**What you have to do**
Your answer must be one number: the count of lines below that include "onesmx".
+++ Records to use
(* Let $\mathbf{m}\in\mathbb{R}^{kn\times kn}$ be diagonal with strictly positive diagonal and let $b_n=(\mathbf{x}'\mathbf{m}\pi\mathbf{x})^{+}\mathbf{x}'\mathbf{m}\pi y$. If there exists $\mathbf{t}\in\mathbb{R}^{(k+p)\times k}$ with $\mathbf{x}\mathbf{t}=\mathbf{m}^{-1}\pi^{-1}\mathbf{1}$ (i.e. every column of $\mathbf{m}^{-1}\pi^{-1}\mathbf{1}$ lies in the column space of $\mathbf{x}$), then $$\frac1n\mathbf{1}'\mathbf{x}b_n=\frac1n\mathbf{1}'y,$$ i.e. the probability limit of the completely imputed (and WLS) estimator equals the vector of average potential outcomes.
   Context: $k$ arms, $n$ units, $p$ covariates. $y\in\mathbb{R}^{kn}$ stacks the potential outcome vectors of the $k$ arms. $\pi\in\mathbb{R}^{kn\times kn}$ is the diagonal matrix of assignment probabilities $\pi_{ai}\in(0,1)$ (ordered arm by arm). $\mathbf{1}=I_k\otimes1_n\in\mathbb{R}^{kn\times k}$. With covariate matrix $X\in\mathbb{R}^{n\times p}$, $\mathbf{x}=[\mathbf{1}\mid1_k\otimes X]\in\mathbb{R}^{kn\times(k+p)}$. $A^+$ is the Moore–Penrose inverse. *)

From HB Require Import structures.
From mathcomp Require Import all_boot all_order all_algebra.
Set Implicit Arguments. Unset Strict Implicit. Unset Printing Implicit Defensive.
Import Order.TTheory GRing.Theory Num.Theory.
Local Open Scope ring_scope.

(* Row index r : 'I_(k*n) of a stacked vector encodes (arm a, unit i)
   with r = a * n + i (arm-by-arm ordering). *)
Lemma arm_lt (k n : nat) (r : 'I_(k * n)) : (r %/ n < k)%N.
Proof.
case: n r => [|n] r; first by case: r => r; rewrite muln0.
by rewrite ltn_divLR // ltn_ord.
Qed.

Lemma unit_lt (k n : nat) (r : 'I_(k * n)) : (r %% n < n)%N.
Proof.
case: n r => [|n] r; first by case: r => r; rewrite muln0.
by rewrite ltn_pmod.
Qed.

Definition arm_of (k n : nat) (r : 'I_(k * n)) : 'I_k := Ordinal (arm_lt r).
Definition unit_of (k n : nat) (r : 'I_(k * n)) : 'I_n := Ordinal (unit_lt r).

(* bold 1 = I_k (x) 1_n *)
Definition onesmx (R : nzRingType) (k n : nat) : 'M[R]_(k * n, k) :=
  \matrix_(r, b) (arm_of r == b)%:R.

(* bold x = [ 1 | 1_k (x) X ] *)
Definition xmat (R : nzRingType) (k n p : nat) (X : 'M[R]_(n, p))
  : 'M[R]_(k * n, k + p) :=
  row_mx (onesmx R k n) (\matrix_(r, j) X (unit_of r) j).

Definition is_MP_inverse (R : nzRingType) (m n : nat)
  (A : 'M[R]_(m, n)) (B : 'M[R]_(n, m)) : Prop :=
  [/\ A *m B *m A = A, B *m A *m B = B,
      (A *m B)^T = A *m B & (B *m A)^T = B *m A].

From HB Require Import structures.
From mathcomp Require Import all_boot all_order all_algebra.
Set Implicit Arguments. Unset Strict Implicit. Unset Printing Implicit Defensive.
Import Order.TTheory GRing.Theory Num.Theory.
Local Open Scope ring_scope.

(* With W := m pi, the hypothesis on t says 1 = W x t, so 1' x b_n = t' (A A^+) x' W y
   for the weighted Gram matrix A := x' W x.  Since W is positive definite, A A^+ fixes
   x' W (the symmetric idempotent 1 - A A^+ kills A, hence kills x' W), and what remains
   is t' x' W y = 1' y. *)

Section WeightedGram.

Variables (R : realDomainType) (m q : nat) (w : 'rV[R]_m).
Hypothesis w_gt0 : forall r, 0 < w 0 r.

Lemma diag_quad_eq0 (u : 'M[R]_(m, q)) : u^T *m diag_mx w *m u = 0 -> u = 0.
Proof.
move=> uWu0; apply/matrixP => r i.
have /psumr_eq0P sq0 : \sum_j u j i * w 0 j * u j i = 0.
  transitivity ((u^T *m diag_mx w *m u) i i); last by rewrite uWu0 mxE.
  by rewrite mul_mx_diag mxE; apply: eq_bigr => j _; rewrite !mxE.
have /sq0 : forall j, true -> 0 <= u j i * w 0 j * u j i.
  by move=> j _; rewrite mulrAC -expr2 mulr_ge0 ?sqr_ge0 ?ltW ?w_gt0.
move=> /(_ r isT) /eqP; rewrite -mulrA !mulf_eq0 (gt_eqF (w_gt0 r)) orbb.
by rewrite mxE => /eqP.
Qed.

Lemma gram_ginv_proj (x : 'M[R]_(m, q)) (B : 'M[R]_q) :
  let A := x^T *m diag_mx w *m x in
  A *m B *m A = A -> (A *m B)^T = A *m B ->
  A *m B *m (x^T *m diag_mx w) = x^T *m diag_mx w.
Proof.
move=> A ABA sym_AB; set P := 1%:M - A *m B.
have symP : P^T = P by rewrite linearB /= trmx1 sym_AB.
have PA0 : P *m A = 0 by rewrite mulmxBl mul1mx ABA subrr.
have xP0 : x *m P = 0.
  apply: diag_quad_eq0; rewrite trmx_mul symP.
  have -> : P *m x^T *m diag_mx w *m (x *m P) = P *m A *m P by rewrite /A !mulmxA.
  by rewrite PA0 mul0mx.
have : (x *m P)^T *m diag_mx w = 0 by rewrite xP0 trmx0 mul0mx.
rewrite trmx_mul symP !mulmxBl mul1mx => /eqP.
by rewrite subr_eq0 eq_sym mulmxA => /eqP.
Qed.

End WeightedGram.

Lemma unitmx_diag (F : fieldType) n (d : 'rV[F]_n) :
  (forall i, d 0 i != 0) -> diag_mx d \in unitmx.
Proof.
by move=> d_neq0; rewrite unitmxE det_diag unitfE; apply/prodf_neq0 => i _.
Qed.

Theorem mainTheorem7 (R : realFieldType) (k n p : nat)
  (X : 'M[R]_(n, p)) (y : 'cV[R]_(k * n))
  (pid : 'rV[R]_(k * n)) (md : 'rV[R]_(k * n))
  (Hpi : forall r, 0 < pid 0 r < 1)
  (Hm : forall r, 0 < md 0 r)
  (B : 'M[R]_(k + p))
  (HB : is_MP_inverse
          ((xmat k X)^T *m diag_mx md *m diag_mx pid *m xmat k X) B) :
  (exists t : 'M[R]_(k + p, k),
      xmat k X *m t = invmx (diag_mx md) *m invmx (diag_mx pid) *m onesmx R k n) ->
  let bn := B *m ((xmat k X)^T *m diag_mx md *m diag_mx pid *m y) in
  (n%:R)^-1 *: ((onesmx R k n)^T *m xmat k X *m bn)
    = (n%:R)^-1 *: ((onesmx R k n)^T *m y).
Proof.
move=> [t xt] bn; rewrite /bn; congr (_ *: _).
have pid_gt0 r : 0 < pid 0 r by case/andP: (Hpi r).
set x := xmat k X in HB xt *; set O := onesmx R k n in xt *.
have O_eq : O = diag_mx md *m diag_mx pid *m x *m t.
  rewrite -mulmxA xt diag_mxC !mulmxA mulmxK ?mulmxV ?mul1mx //;
  by apply: unitmx_diag => i; rewrite gt_eqF.
case: HB => ABA _ sym_AB _.
rewrite -!(mulmxA x^T (diag_mx md)) mulmx_diag in ABA sym_AB O_eq *.
set w := \row_j (md 0 j * pid 0 j) in ABA sym_AB O_eq *.
have w_gt0 r : 0 < w 0 r by rewrite mxE mulr_gt0.
have proj := gram_ginv_proj w_gt0 ABA sym_AB.
rewrite O_eq !trmx_mul tr_diag_mx -{3}proj.
by rewrite !mulmxA.
Qed.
++++++
**Completed exercise**
6